**Work to complete**
Could you print every line from the first one of the records below through the line containing "bijective T /\", with both included and nothing else?

Extracted records:
(* A group $G$ admits a nonzero homogeneous quasimorphism if and only if $G$ acts dominatingly on some quasi-total triple $(X,\preceq,T)$ (the action is not required to be effective, and the triple is not required to be complete).
   Context: A homogeneous quasimorphism is $f:G\to\mathbb{R}$ with $\sup_{h,k}|f(hk)-f(h)-f(k)|<\infty$ and $f(h^n)=nf(h)$ for $n\in\mathbb{N}$. For a poset $(X,\preceq)$, an order-preserving bijection $T$ is dominant if for all $a,b\in X$ there is $n\in\mathbb{N}$ with $T^na\succ b$. $(X,\preceq,T)$ is a quasi-total triple if $T$ is a dominant order-preserving bijection of $X$ and there is $N\in\mathbb{N}$ such that for all $a,b\in X$ some $k\in\{0,\dots,N\}$ satisfies $a\preceq T^kb$ or $b\preceq T^ka$. An action of $G$ on $(X,\preceq,T)$ is dominating if $G$ acts by order-preserving bijections commuting with $T$ and there exist $g\in G$, $x\in X$, $n\in\mathbb{N}$ with $g.x\succeq T^n.x$. *)

From mathcomp Require Import ssreflect ssrfun ssrbool eqtype ssrnat monoid.
From Stdlib Require Import Reals.

Set Implicit Arguments.
Unset Strict Implicit.
Unset Printing Implicit Defensive.

Definition quasimorphism (G : groupType) (f : G -> R) : Prop :=
  exists C : R, forall h k : G,
    (Rabs (f (mul h k) - f h - f k) <= C)%R.

Definition homogeneous_quasimorphism (G : groupType) (f : G -> R) : Prop :=
  quasimorphism f /\
  forall (h : G) (n : nat), (0 < n)%N -> f (natexp h n) = (INR n * f h)%R.

Definition admits_nonzero_hqm (G : groupType) : Prop :=
  exists f : G -> R, homogeneous_quasimorphism f /\ exists g : G, f g <> 0%R.

Definition partial_order (X : Type) (le : X -> X -> Prop) : Prop :=
  (forall a, le a a) /\
  (forall a b, le a b -> le b a -> a = b) /\
  (forall a b c, le a b -> le b c -> le a c).

Definition sgt (X : Type) (le : X -> X -> Prop) (a b : X) : Prop :=
  le b a /\ a <> b.

Definition order_preserving_bijection (X : Type) (le : X -> X -> Prop)
  (T : X -> X) : Prop :=
  bijective T /\ forall a b, le a b <-> le (T a) (T b).

Definition dominant (X : Type) (le : X -> X -> Prop) (T : X -> X) : Prop :=
  order_preserving_bijection le T /\
  forall a b : X, exists n : nat, (0 < n)%N /\ sgt le (iter n T a) b.

Definition quasi_total_triple (X : Type) (le : X -> X -> Prop) (T : X -> X)
  : Prop :=
  partial_order le /\ dominant le T /\
  exists N : nat, forall a b : X,
    exists k : nat, (k <= N)%N /\ (le a (iter k T b) \/ le b (iter k T a)).

Definition group_action (G : groupType) (X : Type) (act : G -> X -> X) : Prop :=
  (forall x, act one x = x) /\
  (forall g h x, act (mul g h) x = act g (act h x)).

Definition dominating_action (G : groupType) (X : Type) (le : X -> X -> Prop)
  (T : X -> X) (act : G -> X -> X) : Prop :=
  group_action act /\
  (forall g : G, order_preserving_bijection le (act g)) /\
  (forall (g : G) (x : X), act g (T x) = T (act g x)) /\
  exists (g : G) (x : X) (n : nat), (0 < n)%N /\ le (iter n T x) (act g x).

Definition acts_dominatingly_on_some_qtt (G : groupType) : Prop :=
  exists (X : Type) (le : X -> X -> Prop) (T : X -> X) (act : G -> X -> X),
    quasi_total_triple le T /\ dominating_action le T act.

(* A nonzero homogeneous quasimorphism f with defect C orders G x Z by
   (g, m) <= (h, n) iff they are equal or f(g^-1 h) + (n - m)(C + 1) >= C + 1:
   shifting the Z-coordinate is dominant, quasi-totality holds with N = 1, and
   left multiplication by any g with f g >= 2(C + 1) dominates.
   Conversely, given a dominating action on a quasi-total triple, the
   translation number tr(x, y) = max {p - q | T^p x <= T^q y} is superadditive
   and, by quasi-totality, tr(x, y) + tr(y, x) is bounded below.  Hence
   a(g) = tr(x0, g x0) is superadditive with bounded defect, its homogenization
   sup_n a(g^n)/n is a homogeneous quasimorphism above a, and a(g) >= 1 for the
   dominating g. *)

From Stdlib Require Import Reals Lra Lia ZArith ClassicalEpsilon Classical.
From mathcomp Require Import ssreflect ssrfun ssrbool eqtype ssrnat monoid.
From mathcomp Require Import zify.

Lemma Z_bounded_max (P : Z -> Prop) n0 B :
  P n0 -> (forall n, P n -> (n < B)%Z) ->
  exists m, P m /\ forall n, P n -> (n <= m)%Z.
Proof.
move=> Pn0 P_lt_B.
suff: forall k n0, P n0 -> (Z.to_nat (B - n0) <= k)%coq_nat ->
  exists m, P m /\ forall n, P n -> (n <= m)%Z by move/(_ _ n0 Pn0); apply.
elim=> [|k IHk] n1 Pn1 dist_le_k; first by have := P_lt_B _ Pn1; lia.
case: (classic (exists n, P n /\ (n1 < n)%Z)) => [[n [Pn lt_n1n]]|no_larger].
  by apply: (IHk n Pn); have := P_lt_B _ Pn; lia.
exists n1; split=> // n Pn; apply/Z.nlt_ge => lt_n1n; apply: no_larger; by exists n.
Qed.

Section TranslationNumber.
Context {X : Type} {le : X -> X -> Prop} {T : X -> X}.
Hypothesis qtt : quasi_total_triple le T.

Lemma qtt_refl a : le a a.
Proof. by case: qtt => -[]. Qed.

Lemma qtt_antisym a b : le a b -> le b a -> a = b.
Proof. by case: qtt => -[_ [antisym _]] _; apply: antisym. Qed.

Lemma qtt_trans a b c : le a b -> le b c -> le a c.
Proof. by case: qtt => -[_ [_ trans]] _; apply: trans. Qed.

Lemma iterT_le k a b : le (iter k T a) (iter k T b) <-> le a b.
Proof.
have [_ [[[_ T_le] _] _]] := qtt.
elim: k => [//|k IHk] /=; rewrite -T_le; exact: IHk.
Qed.

Lemma iterT_inj k : injective (iter k T).
Proof.
have [_ [[[T_bij _] _] _]] := qtt.
elim: k => [//|k IHk] a b /= /(bij_inj T_bij); exact: IHk.
Qed.

Lemma le_iterT_mul z m k : le z (iter m T z) -> le z (iter (m * k) T z).
Proof.
move=> le_z_Tmz; elim: k => [|k IHk]; first by rewrite muln0; exact: qtt_refl.
by rewrite mulnS iterD; apply: qtt_trans le_z_Tmz _; apply/iterT_le.
Qed.

Lemma iterT_mul_le z m k : le (iter m T z) z -> le (iter (m * k) T z) z.
Proof.
move=> le_Tmz_z; elim: k => [|k IHk]; first by rewrite muln0; exact: qtt_refl.
by rewrite mulnS iterD; apply: qtt_trans _ le_Tmz_z; apply/iterT_le.
Qed.

(* Dominance gives z < T^m z; if also T^d z <= z with d > 0, then
   T^(md) z = z, and z < T^m z <= T^(md) z = z is impossible. *)
Lemma iterT_le_self_eq0 d z : le (iter d T z) z -> d = 0.
Proof.
case: d => [//|d] le_Tdz_z.
have [_ [[_ dom] _]] := qtt; have [m [_ [le_z_Tmz neq_Tmz_z]]] := dom z z.
have Tmdz : iter (m * d.+1) T z = z.
  apply: qtt_antisym; last exact: le_iterT_mul.
  by rewrite mulnC; apply: iterT_mul_le.
exfalso; apply: neq_Tmz_z; apply: qtt_antisym => //.
by rewrite -{2}Tmdz mulnS iterD; apply/iterT_le/le_iterT_mul.
Qed.

Definition shifted_le (n : Z) x y := exists p q : nat,
  n = (Z.of_nat p - Z.of_nat q)%Z /\ le (iter p T x) (iter q T y).

Lemma shifted_le_trans m n x y z :
  shifted_le m x y -> shifted_le n y z -> shifted_le (m + n) x z.
Proof.
move=> [p [q [-> le_xy]]] [p' [q' [-> le_yz]]].
exists (p' + p), (q + q'); split; first lia.
apply: (@qtt_trans _ (iter (p' + q) T y)); first by rewrite !iterD iterT_le.
by rewrite addnC !iterD iterT_le.
Qed.

Lemma shifted_le_exists x y : exists n, shifted_le n x y.
Proof.
have [_ [[_ dom] _]] := qtt; have [m [_ [le_x_Tmy _]]] := dom y x.
by exists (- Z.of_nat m)%Z, 0, m; split=> //; lia.
Qed.

Lemma shifted_le_bounded x y : exists B, forall n, shifted_le n x y -> (n < B)%Z.
Proof.
have [_ [[_ dom] _]] := qtt; have [m [_ [le_y_Tmx neq_Tmx_y]]] := dom x y.
exists (Z.of_nat m) => n [p [q [-> le_Tpx_Tqy]]].
apply/Z.nle_gt => le_mn.
have le_Tpx_Tqmx : le (iter p T x) (iter (q + m) T x).
  by rewrite iterD; apply: qtt_trans le_Tpx_Tqy _; apply/iterT_le.
have Ep : p = (p - (q + m)) + (q + m) by rewrite subnK //; lia.
move: le_Tpx_Tqmx; rewrite {1}Ep iterD => /iterT_le_self_eq0 d0.
rewrite d0 add0n in Ep.
apply: neq_Tmx_y; apply: (@iterT_inj q); apply: qtt_antisym.
  by rewrite -iterD -Ep.
exact/iterT_le.
Qed.

Lemma translation_exists x y :
  exists m, shifted_le m x y /\ forall n, shifted_le n x y -> (n <= m)%Z.
Proof.
have [n0 shifted_n0] := shifted_le_exists x y.
have [B shifted_lt_B] := shifted_le_bounded x y.
exact: Z_bounded_max shifted_n0 shifted_lt_B.
Qed.

Definition translation x y : Z :=
  epsilon (inhabits 0%Z)
    (fun m => shifted_le m x y /\ forall n, shifted_le n x y -> (n <= m)%Z).

Lemma translation_shifted_le x y : shifted_le (translation x y) x y.
Proof. exact: (proj1 (epsilon_spec _ _ (translation_exists x y))). Qed.

Lemma translation_max n x y : shifted_le n x y -> (n <= translation x y)%Z.
Proof. exact: (proj2 (epsilon_spec _ _ (translation_exists x y))). Qed.

Lemma translation_superadditive x y z :
  (translation x y + translation y z <= translation x z)%Z.
Proof. by apply/translation_max/shifted_le_trans; apply: translation_shifted_le. Qed.

(* Compare T^q z with T^(p + N + 1) y, where T^p y <= T^q z realises
   translation y z: quasi-totality either bounds translation z y from below,
   or beats the maximality of translation y z. *)
Lemma translation_antisymmetric_bound :
  exists K, forall y z, (- K <= translation y z + translation z y)%Z.
Proof.
have [_ [_ [N quasi_total]]] := qtt; exists (2 * Z.of_nat N + 1)%Z => y z.
have [p [q [Eyz le_Tpy_Tqz]]] := translation_shifted_le y z.
have [k [/leP le_kN [le_zy | le_yz]]] :=
  quasi_total (iter q T z) (iter (p + N.+1) T y).
- have : shifted_le (Z.of_nat q - Z.of_nat (k + (p + N.+1)))%Z z y.
    by exists q, (k + (p + N.+1)); rewrite iterD.
  move/translation_max; lia.
- have : shifted_le (Z.of_nat (p + N.+1) - Z.of_nat (k + q))%Z y z.
    by exists (p + N.+1), (k + q); rewrite (iterD k).
  move/translation_max; lia.
Qed.

Section Action.
Context {G : groupType} {act : G -> X -> X}.
Hypothesis dom_act : dominating_action le T act.

Lemma act_iterT g n x : act g (iter n T x) = iter n T (act g x).
Proof.
have [_ [_ [act_T _]]] := dom_act.
by elim: n => [//|n IHn] /=; rewrite act_T IHn.
Qed.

**Response box**
(* A group $G$ admits a nonzero homogeneous quasimorphism if and only if $G$ acts dominatingly on some quasi-total triple $(X,\preceq,T)$ (the action is not required to be effective, and the triple is not required to be complete).
   Context: A homogeneous quasimorphism is $f:G\to\mathbb{R}$ with $\sup_{h,k}|f(hk)-f(h)-f(k)|<\infty$ and $f(h^n)=nf(h)$ for $n\in\mathbb{N}$. For a poset $(X,\preceq)$, an order-preserving bijection $T$ is dominant if for all $a,b\in X$ there is $n\in\mathbb{N}$ with $T^na\succ b$. $(X,\preceq,T)$ is a quasi-total triple if $T$ is a dominant order-preserving bijection of $X$ and there is $N\in\mathbb{N}$ such that for all $a,b\in X$ some $k\in\{0,\dots,N\}$ satisfies $a\preceq T^kb$ or $b\preceq T^ka$. An action of $G$ on $(X,\preceq,T)$ is dominating if $G$ acts by order-preserving bijections commuting with $T$ and there exist $g\in G$, $x\in X$, $n\in\mathbb{N}$ with $g.x\succeq T^n.x$. *)

From mathcomp Require Import ssreflect ssrfun ssrbool eqtype ssrnat monoid.
From Stdlib Require Import Reals.

Set Implicit Arguments.
Unset Strict Implicit.
Unset Printing Implicit Defensive.

Definition quasimorphism (G : groupType) (f : G -> R) : Prop :=
  exists C : R, forall h k : G,
    (Rabs (f (mul h k) - f h - f k) <= C)%R.

Definition homogeneous_quasimorphism (G : groupType) (f : G -> R) : Prop :=
  quasimorphism f /\
  forall (h : G) (n : nat), (0 < n)%N -> f (natexp h n) = (INR n * f h)%R.

Definition admits_nonzero_hqm (G : groupType) : Prop :=
  exists f : G -> R, homogeneous_quasimorphism f /\ exists g : G, f g <> 0%R.

Definition partial_order (X : Type) (le : X -> X -> Prop) : Prop :=
  (forall a, le a a) /\
  (forall a b, le a b -> le b a -> a = b) /\
  (forall a b c, le a b -> le b c -> le a c).

Definition sgt (X : Type) (le : X -> X -> Prop) (a b : X) : Prop :=
  le b a /\ a <> b.

Definition order_preserving_bijection (X : Type) (le : X -> X -> Prop)
  (T : X -> X) : Prop :=
  bijective T /\ forall a b, le a b <-> le (T a) (T b).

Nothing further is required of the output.